Chapter 1: Divisibility
• Division: Suppose b is positive and we want to write a=qb+r. We can calculate q using the command:

floor(a/b);

and we can calculate r using the command
a mod b;

as we will frequently want to calculate both q and r it is useful to define a simple function. Here is a function called idiv for integer division.
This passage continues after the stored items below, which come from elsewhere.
(* Let $\mathbf{U},\mathbf{V}$ be $D\times D$ unimodular matrices and $\bm{\Lambda}_1,\dots,\bm{\Lambda}_L$ nonsingular diagonal integer matrices, and let $\mathbf{M}_i=\mathbf{U}\bm{\Lambda}_i\mathbf{V}$. Let $\bm{\Lambda}=\mathrm{diag}(\Lambda(1,1),\dots,\Lambda(D,D))$ where $\Lambda(j,j)$ is the (positive) lcm of the integers $\Lambda_1(j,j),\dots,\Lambda_L(j,j)$. Then for every unimodular $\mathbf{B}$, $\mathbf{R}=\mathbf{U}\bm{\Lambda}\mathbf{B}$ is an lcrm of $\mathbf{M}_1,\dots,\mathbf{M}_L$, and every $\mathbf{m}\in\mathcal{N}(\mathbf{R})$ is uniquely determined by its remainders $\mathbf{r}_i=\langle\mathbf{m}\rangle_{\mathbf{M}_i}$. Furthermore, when $\mathbf{B}=\mathbf{I}$, setting $\mathbf{a}=\mathbf{U}^{-1}\mathbf{m}$ and $\bm{\zeta}_i=\langle\mathbf{U}^{-1}\mathbf{r}_i\rangle_{\bm{\Lambda}_i}$, each component $a(j)$ satisfies $0\le a(j)<\Lambda(j,j)$ and is the unique integer in this range with $a(j)\equiv\zeta_i(j)\pmod{|\Lambda_i(j,j)|}$ for all $1\le i\le L$.
   Context: Unimodular means integer with determinant $\pm1$. An lcrm of integer matrices $\mathbf{M}_1,\dots,\mathbf{M}_L$ is a nonsingular integer $\mathbf{R}=\mathbf{M}_i\mathbf{P}_i$ (integer $\mathbf{P}_i$, all $i$) such that every such common right multiple equals $\mathbf{R}\mathbf{A}$ for integer $\mathbf{A}$. $\mathcal{N}(\mathbf{M})=\{\mathbf{k}\in\mathbb{Z}^D:\mathbf{k}=\mathbf{M}\mathbf{x},\ \mathbf{x}\in[0,1)^D\}$; $\langle\mathbf{m}\rangle_{\mathbf{M}}$ is the unique $\mathbf{r}\in\mathcal{N}(\mathbf{M})$ with $\mathbf{m}-\mathbf{r}\in\mathbf{M}\mathbb{Z}^D$. $a(j)$, $\zeta_i(j)$ denote $j$-th components, $\Lambda_i(j,j)$ the $j$-th diagonal entry. *)

From HB Require Import structures.
From mathcomp Require Import all_boot all_order all_algebra.
From Stdlib Require Import ClassicalEpsilon.
Set Implicit Arguments. Unset Strict Implicit. Unset Printing Implicit Defensive.
Import Order.TTheory GRing.Theory Num.Theory.
Local Open Scope ring_scope.

Definition unimodular (D : nat) (A : 'M[int]_D) : Prop :=
  \det A = 1 \/ \det A = -1.

Definition lcrm (D L : nat) (M : 'I_L -> 'M[int]_D) (R : 'M[int]_D) : Prop :=
  [/\ \det R != 0,
      (forall i, exists P : 'M[int]_D, R = M i *m P) &
      (forall S : 'M[int]_D, (forall i, exists P : 'M[int]_D, S = M i *m P) ->
         exists A : 'M[int]_D, S = R *m A)].

(* N(M) = { k in Z^D : k = M x, x in [0,1)^D }.  For nonsingular integer M,
   such an x is necessarily rational, so x ranges over rat vectors. *)
Definition inN (D : nat) (M : 'M[int]_D) (k : 'cV[int]_D) : Prop :=
  exists x : 'cV[rat]_D,
    (forall j, 0 <= x j 0 < 1) /\
    map_mx (fun z : int => z%:~R) k = map_mx (fun z : int => z%:~R) M *m x.

Definition is_rem (D : nat) (M : 'M[int]_D) (m r : 'cV[int]_D) : Prop :=
  inN M r /\ exists y : 'cV[int]_D, m - r = M *m y.

Definition remv (D : nat) (M : 'M[int]_D) (m : 'cV[int]_D) : 'cV[int]_D :=
  epsilon (inhabits 0) (is_rem M m).

From HB Require Import structures.
From mathcomp Require Import all_boot all_order all_algebra.
From mathcomp Require Import zify.
From Stdlib Require Import ClassicalEpsilon.
Import Order.TTheory GRing.Theory Num.Theory.
Local Open Scope ring_scope.
Set Implicit Arguments. Unset Strict Implicit.

(* Conjugating by the unimodular U and V reduces everything to the
   diagonal matrices diag(lam i), whose common right multiples are exactly the
   multiples of the entrywise lcm diag(Lam).  Two points of N(R) congruent
   modulo R coincide, because their difference is R c with c = x - x' for
   x, x' in [0,1)^D, which forces the integer vector c to vanish.  For B = I
   the same reasoning, done entrywise on a = U^-1 m, is the Chinese remainder
   theorem on each diagonal entry. *)

Local Notation ratmx := (map_mx (fun z : int => z%:~R : rat)).

Lemma unimodular_unitmx (D : nat) (A : 'M[int]_D) : unimodular A -> A \in unitmx.
Proof. by rewrite unitmxE; case=> ->; rewrite ?unitr1 ?unitrN1. Qed.

Lemma unimodular_det_neq0 (D : nat) (A : 'M[int]_D) : unimodular A -> \det A != 0.
Proof. by case=> ->; rewrite ?oppr_eq0 oner_eq0. Qed.

Lemma ratmx_unitmx (D : nat) (M : 'M[int]_D) : \det M != 0 -> ratmx M \in unitmx.
Proof. by move=> hM; rewrite unitmxE (det_map_mx (intmul (1 : rat))) unitfE intr_eq0. Qed.

Lemma is_rem_exists (D : nat) (M : 'M[int]_D) (m : 'cV[int]_D) :
  \det M != 0 -> exists r, is_rem M m r.
Proof.
move=> hM; set x := invmx (ratmx M) *m ratmx m.
pose y : 'cV[int]_D := \col_j Num.floor (x j 0).
exists (m - M *m y); split; last by exists y; rewrite opprB addrC subrK.
exists (x - ratmx y); split.
  move=> j; have /andP[floor_le lt_floorD1] := floor_itv (x j 0).
  have -> : (x - ratmx y) j 0 = x j 0 - (Num.floor (x j 0))%:~R by rewrite !mxE.
  by rewrite subr_ge0 floor_le ltrBlDl; move: lt_floorD1; rewrite intrD.
by rewrite (map_mxB (intmul (1 : rat))) map_mxM mulmxBr mulmxA mulmxV ?ratmx_unitmx ?mul1mx.
Qed.

Lemma remvP (D : nat) (M : 'M[int]_D) (m : 'cV[int]_D) :
  \det M != 0 -> is_rem M m (remv M m).
Proof. by move=> hM; apply: epsilon_spec; apply: is_rem_exists. Qed.

Lemma sub_remv (D : nat) (M : 'M[int]_D) (m : 'cV[int]_D) :
  \det M != 0 -> exists y, m - remv M m = M *m y.
Proof. by move=> /(remvP m) []. Qed.

Lemma remv_eq_sub (D : nat) (M : 'M[int]_D) (m m' : 'cV[int]_D) :
  \det M != 0 -> remv M m = remv M m' -> exists y, m - m' = M *m y.
Proof.
move=> hM eq_rem; have [y ey] := sub_remv m hM; have [y' ey'] := sub_remv m' hM.
by exists (y - y'); rewrite mulmxBr -ey -ey' eq_rem opprB addrA subrK.
Qed.

Lemma inN_eq (D : nat) (R : 'M[int]_D) (m m' c : 'cV[int]_D) :
  \det R != 0 -> inN R m -> inN R m' -> m - m' = R *m c -> m = m'.
Proof.
move=> hR [x [hx ex]] [x' [hx' ex']] e.
have ec : ratmx c = x - x'.
  apply: (can_inj (mulKmx (ratmx_unitmx hR))).
  by rewrite -map_mxM -e (map_mxB (intmul (1 : rat))) ex ex' mulmxBr.
suff c0 : c = 0 by apply/eqP; rewrite -subr_eq0 e c0 mulmx0.
apply/matrixP => j k; rewrite (ord1 k) mxE.
have := congr1 (fun A : 'cV[rat]_D => A j 0) ec; rewrite !mxE => ecj.
have /andP[x_ge0 x_lt1] := hx j; have /andP[x'_ge0 x'_lt1] := hx' j.
have c_lt1 : c j 0 < 1.
  by rewrite -(ltrz1 rat) ecj; apply: le_lt_trans x_lt1; rewrite lerBlDr lerDl.
have Nc_lt1 : - c j 0 < 1.
  rewrite -(ltrz1 rat) intrN ecj opprB.
  by apply: le_lt_trans x'_lt1; rewrite lerBlDr lerDl.
lia.
Qed.

Lemma inN_unimodular (D : nat) (U R : 'M[int]_D) (m : 'cV[int]_D) :
  U \in unitmx -> inN (U *m R) m -> inN R (invmx U *m m).
Proof.
move=> hU [x [hx ex]]; exists x; split=> //.
by rewrite map_mxM ex mulmxA -map_mxM mulKmx.
Qed.

Lemma inN_diag (D : nat) (d : 'rV[int]_D) (a : 'cV[int]_D) :
  (forall j, 0 < d ord0 j) -> inN (diag_mx d) a -> forall j, 0 <= a j ord0 < d ord0 j.
Proof.
move=> d_gt0 [x [hx ex]] j; have /andP[x_ge0 x_lt1] := hx j.
have := congr1 (fun A : 'cV[rat]_D => A j 0) ex.
rewrite map_diag_mx mul_diag_mx !mxE => eaj.
have d_gt0j := d_gt0 j.
rewrite -(ler0z rat) -(ltr_int rat) eaj (gtr_pMr (x j 0)) ?ltr0z // x_lt1 andbT.
by rewrite mulr_ge0 // ler0z ltW.
Qed.

Lemma lcrm_col (D L : nat) (M : 'I_L -> 'M[int]_D) (R : 'M[int]_D) (v : 'cV[int]_D) :
  lcrm M R -> (forall i, exists p, v = M i *m p) -> exists c, v = R *m c.
Proof.
case: D M R v => [|n] M R v [_ _ lcrmR] hv; first by exists 0; rewrite !flatmx0.
(* [lcrm] only quantifies over square multiples: apply it to the matrix whose
   columns are all equal to v. *)
have [|A eA] := lcrmR (v *m const_mx 1).
  by move=> i; have [p ->] := hv i; exists (p *m const_mx 1); rewrite mulmxA.
exists (A *m delta_mx 0 0); rewrite mulmxA -eA -mulmxA -colE col_const.
suff -> : const_mx 1 = 1%:M :> 'M[int]_1 by rewrite mulmx1.
by apply/matrixP => i j; rewrite !ord1 !mxE.
Qed.

Lemma lcrm_remv_inj (D L : nat) (M : 'I_L -> 'M[int]_D) (R : 'M[int]_D)
    (m m' : 'cV[int]_D) :
  (forall i, \det (M i) != 0) -> lcrm M R -> inN R m -> inN R m' ->
  (forall i, remv (M i) m = remv (M i) m') -> m = m'.
Proof.
move=> hM lcrmR hm hm' eq_rem; have [R_neq0 _ _] := lcrmR.
have [c ec] := lcrm_col lcrmR (fun i => remv_eq_sub (hM i) (eq_rem i)).
exact: inN_eq R_neq0 hm hm' ec.
Qed.

Lemma mulmx_diag_dvdz (D n : nat) (d : 'rV[int]_D) (W : 'M[int]_(D, n)) :
  (forall j k, (d ord0 j %| W j k)%Z) -> exists C, W = diag_mx d *m C.
Proof.
move=> dvd_dW; exists (\matrix_(j, k) (W j k %/ d ord0 j)%Z).
by apply/matrixP => j k; rewrite mul_diag_mx !mxE mulrC divzK.
Qed.

Lemma eqz_mod_mulmx_diag (D : nat) (d : 'rV[int]_D) (a b c : 'cV[int]_D) j :
  a - b = diag_mx d *m c -> (a j ord0 = b j ord0 %[mod `|d ord0 j|])%Z.
Proof.
move=> /(congr1 (fun A : 'cV[int]_D => A j ord0)); rewrite mul_diag_mx !mxE => e.
by apply/eqP; rewrite eqz_mod_dvd e dvdzE -abszE absz_nat abszM dvdn_mulr.
Qed.

Lemma eqz_mod_small (n t a : int) :
  0 <= t < n -> 0 <= a < n -> (t = a %[mod n])%Z -> t = a.
Proof. by move=> /modz_small {2}<- /modz_small {2}<-. Qed.

Lemma det_diag_neq0 (R : idomainType) (D : nat) (d : 'rV[R]_D) :
  (forall j, d ord0 j != 0) -> \det (diag_mx d) != 0.
Proof. by move=> d_neq0; rewrite det_diag; apply/prodf_neq0 => j _; apply: d_neq0. Qed.

Definition lcm_row (D L : nat) (lam : 'I_L -> 'rV[int]_D) : 'rV[int]_D :=
  \row_j ((\big[lcmn/1%N]_(i < L) `|lam i ord0 j|%N)%:Z).

Section LcmRow.

Variables (D L : nat) (lam : 'I_L -> 'rV[int]_D).

Lemma lcm_row_gt0 : (forall i j, lam i ord0 j != 0) -> forall j, 0 < lcm_row lam ord0 j.
Proof.
move=> lam_neq0 j; rewrite mxE ltz_nat.
apply: (big_ind (fun d => 0 < d)%N) => // [a b a_gt0 b_gt0|i _].
  by rewrite lcmn_gt0 a_gt0.
by rewrite absz_gt0.
Qed.

Lemma dvdz_lcm_row i j : (lam i ord0 j %| lcm_row lam ord0 j)%Z.
Proof. by rewrite mxE dvdzE absz_nat; apply: (biglcmn_sup i). Qed.

Lemma eqz_mod_lcm_row j (t a : int) :
  (forall i, (t = a %[mod `|lam i ord0 j|])%Z) -> (t = a %[mod lcm_row lam ord0 j])%Z.
Proof.
move=> t_eq_a; apply/eqP; rewrite eqz_mod_dvd mxE dvdzE absz_nat.
apply/dvdn_biglcmP => i _; have /eqP := t_eq_a i.
by rewrite eqz_mod_dvd dvdzE -abszE absz_nat.
Qed.

Lemma diag_lcm_row_multiple i : exists P, diag_mx (lcm_row lam) = diag_mx (lam i) *m P.
Proof.
exists (diag_mx (\row_j (lcm_row lam ord0 j %/ lam i ord0 j)%Z)).
rewrite mulmx_diag; congr (diag_mx _); apply/rowP => j.
by rewrite [RHS]mxE [X in _ * X]mxE mulrC divzK ?dvdz_lcm_row.
Qed.

Lemma diag_lcm_row_common n (W : 'M[int]_(D, n)) :
  (forall i, exists P, W = diag_mx (lam i) *m P) -> exists C, W = diag_mx (lcm_row lam) *m C.
Proof.
move=> common_W; apply: mulmx_diag_dvdz => j k.
rewrite mxE dvdzE absz_nat; apply/dvdn_biglcmP => i _.
by have [P ->] := common_W i; rewrite mul_diag_mx mxE abszM dvdn_mulr.
Qed.

End LcmRow.

Lemma lcrm_diag_lcm_row (D L : nat) (U V B : 'M[int]_D) (lam : 'I_L -> 'rV[int]_D) :
  unimodular U -> unimodular V -> unimodular B -> (forall i j, lam i ord0 j != 0) ->
  lcrm (fun i => U *m diag_mx (lam i) *m V) (U *m diag_mx (lcm_row lam) *m B).
Proof.
move=> hU hV hB lam_neq0; have hUu := unimodular_unitmx hU.
split.
- rewrite !det_mulmx !mulf_neq0 ?det_diag_neq0 ?unimodular_det_neq0 // => j.
  by rewrite gt_eqF ?lcm_row_gt0.
- move=> i; have [P eP] := diag_lcm_row_multiple lam i.
  exists (invmx V *m P *m B).
  by rewrite -!mulmxA mulKVmx ?unimodular_unitmx // eP !mulmxA.
- move=> S common_S.
  have [|C eC] := @diag_lcm_row_common _ _ lam _ (invmx U *m S).
    move=> i; have [P ->] := common_S i.
    by exists (V *m P); rewrite !mulmxA mulVmx // mul1mx.
  exists (invmx B *m C).
  by rewrite -mulmxA mulKVmx ?unimodular_unitmx // -mulmxA -eC mulKVmx.
Qed.

Lemma sub_remv_conj (D : nat) (U N V : 'M[int]_D) (m : 'cV[int]_D) :
  U \in unitmx -> \det (U *m N *m V) != 0 -> \det N != 0 ->
  exists c, invmx U *m m - remv N (invmx U *m remv (U *m N *m V) m) = N *m c.
Proof.
move=> hU hM hN; have [y ey] := sub_remv m hM.
have [y' ey'] := sub_remv (invmx U *m remv (U *m N *m V) m) hN.
exists (V *m y + y'); rewrite mulmxDr -ey' mulmxA.
have -> : N *m V *m y = invmx U *m (m - remv (U *m N *m V) m).
  by rewrite ey !mulmxA mulVmx // mul1mx.
by rewrite mulmxBr addrA subrK.
Qed.

Theorem corollary4 (D L : nat) (U V : 'M[int]_D) (lam : 'I_L -> 'rV[int]_D)
  (hU : unimodular U) (hV : unimodular V)
  (hlam : forall (i : 'I_L) (j : 'I_D), lam i ord0 j != 0) :
  let M := fun i : 'I_L => U *m diag_mx (lam i) *m V in
  let Lam : 'M[int]_D :=
    diag_mx (\row_j ((\big[lcmn/1%N]_(i < L) `|lam i ord0 j|%N)%:Z)) in
  (forall B : 'M[int]_D, unimodular B ->
     lcrm M (U *m Lam *m B) /\
     (forall m m' : 'cV[int]_D, inN (U *m Lam *m B) m -> inN (U *m Lam *m B) m' ->
        (forall i, remv (M i) m = remv (M i) m') -> m = m')) /\
  (forall m : 'cV[int]_D, inN (U *m Lam) m ->
     let a := invmx U *m m in
     let zeta := fun i : 'I_L => remv (diag_mx (lam i)) (invmx U *m remv (M i) m) in
     forall j : 'I_D,
       [/\ 0 <= a j ord0, a j ord0 < Lam j j,
           (forall i, (a j ord0 = zeta i j ord0 %[mod `|lam i ord0 j|])%Z) &
           (forall t : int, 0 <= t -> t < Lam j j ->
              (forall i, (t = zeta i j ord0 %[mod `|lam i ord0 j|])%Z) -> t = a j ord0)]).
Proof.
move=> M Lam; have hUu := unimodular_unitmx hU.
have diag_lam_neq0 i : \det (diag_mx (lam i)) != 0 by apply: det_diag_neq0.
have M_neq0 i : \det (M i) != 0.
  by rewrite !det_mulmx !mulf_neq0 ?diag_lam_neq0 ?unimodular_det_neq0.
split=> [B hB | m hm a zeta j].
  have lcrmR := lcrm_diag_lcm_row hU hV hB hlam.
  by split=> // m m'; apply: lcrm_remv_inj M_neq0 lcrmR.
have Lam_jj : Lam j j = lcm_row lam ord0 j by rewrite mxE eqxx mulr1n.
have a_range := inN_diag (lcm_row_gt0 hlam) (inN_unimodular hUu hm) j.
have a_eq_zeta i : (a j ord0 = zeta i j ord0 %[mod `|lam i ord0 j|])%Z.
  have [c ec] := sub_remv_conj m hUu (M_neq0 i) (diag_lam_neq0 i).
  exact: eqz_mod_mulmx_diag ec.
have /andP[a_ge0 a_lt] := a_range; rewrite Lam_jj.
split=> // t t_ge0 t_lt t_eq_zeta.
apply: (eqz_mod_small _ a_range); first by rewrite t_ge0.
by apply: eqz_mod_lcm_row => i; rewrite t_eq_zeta a_eq_zeta.
Qed.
Add the following definition to your worksheet.
idiv:=(n,m)->[floor(n/m),n mod m];

Once we have defined idiv if we give the command
idiv(a,b);

MAPLE will return the pair
[q,r]

where a=qb+r.

• gcd(a,b) and lcm(a,b) can be computed with the commands
gcd(a,b);
lcm(a,b);
Chapter 3,4 Congruences
• We calculate a (mod n) using the command
a mod n;
For example 4*7 mod 5 will return 3

• If a and n are relatively prime we can solve ax=b mod n by
b/a mod n

• We can define a function modpow such that modpow(a,x,n) returns a^x (mod n)
modpow:=(a,x,n)-> piecewise( x=0, 1, x=1, a mod n, x mod 2=1 , a*modpow(a,x-1,n) mod n, x mod 2=0, modpow(a,x/2,n)^2 mod n);